トークパレット木曜日「スタンバイ・ブックナビ」

2011年04月14日(木)
 

文芸評論家の北上次郎こと、目黒考二さんにお薦めの本を紹介していただきました。

★すごい面白いミステリ小説。

★主人公は、ハリー・ブロックという売れない小説家。中年の作家で、ミステリからヴァンパイア小説、ポルノ小説まで、何でも書きまくって食いつないでいる男。

★この男のところにある日、一発逆転のチャンスが訪れる。きっかけはダリアン・グレイというニューヨークを震撼させた連続殺人鬼からの手紙。

★このダリアン・グレイは12年前にニューヨーク市内で4人の人間を惨殺して捕まって、死刑が確定しているが、一切、犯行を自供していない。
★その殺人鬼が、手紙で「あんたのファンだから小説を書いてくれないか。」「全部今までの犯行を自供する。特別に」と。そして、刑務所に会いに来ないかと。

★何にも自供していない男なので、そいつの告白本を出版すれば、大ベストセラーになるのは確実。売れない作家なので喜んで、刑務所に訪ねていく。

★そうすると、条件を出される。それがちょっと奇妙な条件。
★ダリアン・グレイは残忍な殺人鬼だが、全米からファンレターが来る。その中から4人の女性をダリアン・グレイがピックアップするので、この4人に会いに行って欲しいという内容。
★そして、何をするかというと、会って取材をして、その女性とダリアン・グレイを主人公にしたポルノ小説を書いてくれ、と。1人1編で計4編、それを私に読ませろと。
★これをやってくれれば、1編ずつ書く毎に4分の1ずつ自供し、全部、特ダネをあげるというのがダリアン・グレイの申し出。
★とにかく大ベストセラー確実。とりあえず4人の女性に会いに行く。そして、話し方とか人となりを取材するだが、、、

★その後、残虐な殺人事件が相次ぐ。しかも、12年前のダリアン・グレイに似た手口で。おまけに主人公の作家は謎の何者かに命を狙われたりするので、降りかかる火の粉を払いのけるため、自ら犯人探しをしなきゃいけなくなってくる、、、という展開。

★ダリアン・グレイは刑務所にいてアリバイがあるが、真犯人が他にいるのか?

★凄くうまいのが、複雑なプロット。最近、ミステリを語る時に「どんでん返しがある」というとそれだけでネタばらし、と言われる時代なので、そうは言えないのだが、最近ちょっと珍しいくらいによく出来ていた。

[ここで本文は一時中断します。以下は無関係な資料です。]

(* Let $C$ be an $[n,k,d]$ and $C'$ an $[n',k',d']$ linear code over $\mathbb{F}_q$, let $x \in C \times C'$, $e \in \mathbb{F}_q^{n\times n'}$, $y = x+e$, and suppose $2\sum_{j=1}^{n'} \min\{w(e_j), d\} < d\,d'$. With $\hat{x}$, $\alpha$, $I_E$ and the sets $E_0,\dots,E_J$ as in the context, there exists an index $k \in \{0,1,\dots,J-1\}$ (the same for all rows) such that $$2\,|I_E \setminus E_k| + |E_k| < d',$$ and hence, for every row index $i \in [n]$, $2\, w_{E_k}(\hat{x}^i - x^i) + |E_k| < d'$; that is, an error-and-erasure decoder for $C'$ with erasure set $E_k$ decodes every row $\hat{x}^i$ to $x^i$.
   Context: The product code $C \times C'$ consists of the $n \times n'$ matrices over $\mathbb{F}_q$ all of whose columns lie in $C$ and all of whose rows lie in $C'$. For a matrix $b$, $b_j$ denotes its $j$-th column and $b^i$ its $i$-th row; $w(\cdot)$ is Hamming weight; for $v \in \mathbb{F}_q^{n'}$ and $E \subseteq [n']$, $w_E(v)$ is the number of $j \notin E$ with $v_j \neq 0$. Let $t = \lfloor (d-1)/2 \rfloor$. Column decoding: each column $y_j$ ($j \in [n']$) is decoded by a bounded-distance decoder for $C$, which returns the unique codeword of $C$ within Hamming distance $t$ of $y_j$ if one exists and otherwise declares failure. On success with output $\hat{x}_j$ put $\alpha_j = (d - 2w(y_j - \hat{x}_j))/d$; on failure put $\hat{x}_j = y_j$ and $\alpha_j = 0$. Let $\hat{x}$ be the matrix with columns $\hat{x}_j$, and $I_E \subseteq [n']$ the set of $j$ for which decoding failed or $\hat{x}_j \neq x_j$. Let $a_1 < a_2 < \dots < a_J$ be the distinct values among $\alpha_1,\dots,\alpha_{n'}$; set $E_0 = \emptyset$ and $E_k = \{ j \in [n'] : \alpha_j \le a_k\}$ for $k \in [J]$. An error-and-erasure decoder for $C'$ with erasure set $E$ returns the unique codeword $c$ with $2w_E(r-c) + |E| < d'$ if it exists. *)

From HB Require Import structures.
From mathcomp Require Import all_boot all_order all_algebra.
Set Implicit Arguments. Unset Strict Implicit. Unset Printing Implicit Defensive.
Import Order.TTheory GRing.Theory Num.Theory.
Local Open Scope ring_scope.
(* A state with a single successor moves there with probability 1. *)
Lemma nonbranching_int u v : u \notin branching -> P u v \is a Num.int.
Proof.
rewrite inE -leqNgt => /card_le1_eqP succ_u.
have [Puv_gt0 | Puv_le0] := ltP 0 (P u v); last first.
  by rewrite (@le_anti _ _ (P u v) 0) ?Puv_le0 ?P_ge0.
have -> : P u v = 1.
  rewrite -(P_sum1 u) (bigD1 v) //= big1 ?addr0 // => j jNv.
  apply/eqP; rewrite eq_le P_ge0 andbT leNgt; apply: contra jNv => Puj_gt0.
  by apply/eqP/succ_u; rewrite inE.
exact: int_num1.
Qed.

Lemma tree_weight_int r f k :
  (#|branching :\ r| <= k)%N -> (M ^ k)%:R * tree_weight P r f \is a Num.int.
Proof.
move=> le_k; rewrite -(subnK le_k) expnD natrM -mulrA rpredM ?natr_int //.
have -> : (M ^ #|branching :\ r|)%:R =
          \prod_(u | u != r) (if u \in branching then M%:R else 1) :> rat.
  rewrite -big_mkcondr natrX prodr_const; congr (_ ^+ _).
  by apply: eq_card => u; rewrite [RHS]unfold_in !inE andbC.
rewrite -big_split rpred_prod //= => u _; case: ifP => [_ | uNb].
  by rewrite mulrC rat_mul_nat_int.
by rewrite mul1r nonbranching_int ?uNb.
Qed.

Lemma card_branching_setD1 r :
  (#|branching :\ r| <= minn #|branching| #|T|.-1)%N.
Proof.
rewrite leq_min subset_leq_card ?subsetDl //= -(cardC1 r).
by apply/subset_leq_card/subsetP => u; rewrite !inE => /andP[].
Qed.

Lemma tree_sum_int r :
  (M ^ minn #|branching| #|T|.-1)%:R * tree_sum P r \is a Num.int.
Proof.
rewrite mulr_sumr rpred_sum // => f _.
exact/tree_weight_int/card_branching_setD1.
Qed.

(* [tree_sum P] is proportional to [p], and clearing the denominators of the
   tree sums by [M ^ m] also clears those of [p]. *)
Lemma invariant_prob_denominator (p : T -> rat) :
  (forall i, 0 <= p i) -> \sum_i p i = 1 -> (forall j, \sum_i p i * P i j = p j) ->
  exists2 s : nat, (0 < s <= #|T| * M ^ minn #|branching| #|T|.-1)%N &
                   forall i, p i * s%:R \is a Num.int.
Proof.
move=> p_ge0 p_sum1 p_inv; set m := minn _ _.
set S := \sum_j tree_sum P j.
have [r _] : exists r : T, true.
  apply/existsP; apply: contra_eqT p_sum1; rewrite negb_exists => /forallP T0.
  by rewrite big_pred0 // => x; apply/negbTE/T0.
have Mm_gt0 : 0 < (M ^ m)%:R :> rat by rewrite ltr0n expn_gt0 M_gt0.
have S_gt0 : 0 < S.
  rewrite /S (bigD1 r) //= ltr_pwDl ?tree_sum_gt0 // sumr_ge0 // => j _.
  exact: tree_sum_ge0.
have /natrP[s s_def] : (M ^ m)%:R * S \is a Num.nat.
  by rewrite natrEint mulr_ge0 ?ltW // andbT mulr_sumr rpred_sum // => j _; apply: tree_sum_int.
exists s.
  apply/andP; split; first by rewrite -(ltr_nat rat) -s_def mulr_gt0.
  rewrite -(ler_nat rat) -s_def natrM mulrC ler_wpM2r ?ler0n //.
  by rewrite -sum1_card natr_sum ler_sum // => j _; apply: tree_sum_le1.
move=> i; rewrite -s_def mulrC -mulrA -invariant_prob_tree_sum //.
  exact: tree_sum_int.
Qed.
(* Let $n\in\mathbb{N}^*$, $N\in\mathbb{N}^*$, and let $R_{a,b}(\lambda)=\lambda\, I_{a,b}+\mathbb{P}_{a,b}\in\operatorname{End}(V_a\otimes V_b)$, $V_a\cong V_b\cong\mathbb{C}^n$, where $\mathbb{P}_{a,b}$ is the permutation operator. Let $K\in\operatorname{End}(\mathbb{C}^n)$, let $\xi_1,\dots,\xi_N\in\mathbb{C}$, let $\mathcal{H}=\bigotimes_{l=1}^N V_l$ with $V_l\cong\mathbb{C}^n$, define the monodromy matrix $M^{(K)}_a(\lambda)=K_aR_{a,N}(\lambda-\xi_N)\cdots R_{a,1}(\lambda-\xi_1)$ and the transfer matrix $T^{(K)}(\lambda)=\operatorname{tr}_{V_a}M^{(K)}_a(\lambda)\in\operatorname{End}(\mathcal{H})$. Assume that $K$ is $w$-simple on $\mathbb{C}^n$. Then for almost any choice of the covector $\langle S|\in\mathcal{H}^*$ and of the parameters $(\xi_1,\dots,\xi_N)$, the set $$\langle h_1,\dots,h_N|:=\langle S|\prod_{a=1}^N\big(T^{(K)}(\xi_a)\big)^{h_a},\qquad (h_1,\dots,h_N)\in\{0,\dots,n-1\}^N,$$ is a basis of $\mathcal{H}^*$. In particular, for almost all values of $(\xi_1,\dots,\xi_N)$, one can take $\langle S|=\bigotimes_{a=1}^N\langle S,a|$ for any local covectors $\langle S,a|\in V_a^*$ such that $\{\langle S,a|K_a^h: h=0,\dots,n-1\}$ is a basis of $V_a^*$ for each $a=1,\dots,N$ (such $\langle S,a|$ exist since $K$ is $w$-simple).
   Context: A matrix $K$ is $w$-simple if every eigenvalue of $K$ has exactly one eigenvector up to multiplication by a nonzero scalar. $K_a$ denotes $K$ acting on the auxiliary space $V_a$ (respectively on the site space $V_a$ in the last sentence), and $\operatorname{tr}_{V_a}$ is the partial trace over the auxiliary space $V_a\cong\mathbb{C}^n$. *)

(* (with multinomials for "almost all" = outside the zero set
   of a nonzero polynomial). *)
From HB Require Import structures.
From mathcomp Require Import all_boot all_order all_algebra.
From mathcomp Require Export mpoly.
Set Implicit Arguments. Unset Strict Implicit. Unset Printing Implicit Defensive.
Import Order.TTheory GRing.Theory Num.Theory.
Local Open Scope ring_scope.

Section Defs.
Variable C : numClosedFieldType.

Definition op (I : finType) := 'M[C]_#|I|.
Definition mkop (I : finType) (f : I -> I -> C) : op I :=
  \matrix_(i, j) f (enum_val i) (enum_val j).
Definition ent (I : finType) (A : op I) (x y : I) : C :=
  A (enum_rank x) (enum_rank y).

Definition w_simple n (K : 'M[C]_n) : Prop :=
  forall (a : C) (v w : 'cV[C]_n), v != 0 -> K *m v = a *: v ->
    K *m w = a *: w -> exists c : C, w = c *: v.

(* Basis indices of H = V_1 (x) ... (x) V_N, V_l = C^n. *)
Definition cfg N n := {ffun 'I_N -> 'I_n}.
(* Basis indices of V_a (x) H (auxiliary space first). *)
Definition aux N n := ('I_n * cfg N n)%type.

(* Permutation operator P_{a,l} on V_a (x) H: swap the auxiliary index with
   the index of site l. *)
Definition swap_site N n (l : 'I_N) (y : aux N n) : aux N n :=
  (y.2 l, finfun (fun m => if m == l then y.1 else y.2 m)).
Definition Pperm N n (l : 'I_N) : op (aux N n) :=
  mkop (fun x y => (x == swap_site l y)%:R).
Definition Rmat N n (l : 'I_N) (mu : C) : op (aux N n) :=
  mu%:M + Pperm n l.
Definition Kaux N n (K : 'M[C]_n) : op (aux N n) :=
  mkop (fun x y => K x.1 y.1 * (x.2 == y.2)%:R).
Definition monodromy N n (K : 'M[C]_n) (xi : 'I_N -> C) (lam : C)
  : op (aux N n) :=
  Kaux N K *m \prod_(l < N) Rmat n (rev_ord l) (lam - xi (rev_ord l)).
Definition transfer N n (K : 'M[C]_n) (xi : 'I_N -> C) (lam : C)
  : op (cfg N n) :=
  mkop (fun c c' => \sum_(i < n) ent (monodromy K xi lam) (i, c) (i, c')).

Definition hvec N n (K : 'M[C]_n) (xi : 'I_N -> C) (S : 'rV[C]_#|cfg N n|)
  (h : cfg N n) : 'rV[C]_#|cfg N n| :=
  S *m \prod_(a < N) (transfer K xi (xi a)) ^+ (h a).

Definition is_basis (I : finType) d (f : I -> 'rV[C]_d) : bool :=
  let M := \matrix_(i < #|I|) f (enum_val i) in row_free M && row_full M.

★そして、もうひとつ。うまいのは、出てくるキャラクター。お主人公の作家は、結構いい加減な男で、凄く面白い。
★また、他にも、クレアという女子高生。主人公は、売れない作家なのでアルバイトとして家庭教師をやっているが、その教え子がクレア。頼りない主人公の尻を叩く。ビジネスパートナー的な存在になってくる。
★もうひとり、大事なのがダニエラというストリッパー。彼女は、ダリアン・グレイに殺された被害者の遺族の一人。双子の姉を殺された妹。他の被害者遺族がダリアン・グレイの伝記執筆に反対する中、彼女だけは主人公に協力する。
★つまり、売れない作家のハリー・ブロックは、クレアという女子高生とダニエラというストリッパーの2人の力を借りて、犯人探しをする、という構造になっている。

★最終的には、非常に単純に見えた話が凄い複雑な真実を含んでいた、という話なのですが、ここ最近ではないタイプのミステリ。デビュー作だが、ピカイチの出来。
★割と、近年のいいミステリは、文学的なあじわいを打ち出したものが多い印象だが、この小説はそれとは違い、完全なエンタテインメント。痛快!とにかく、そこがいい!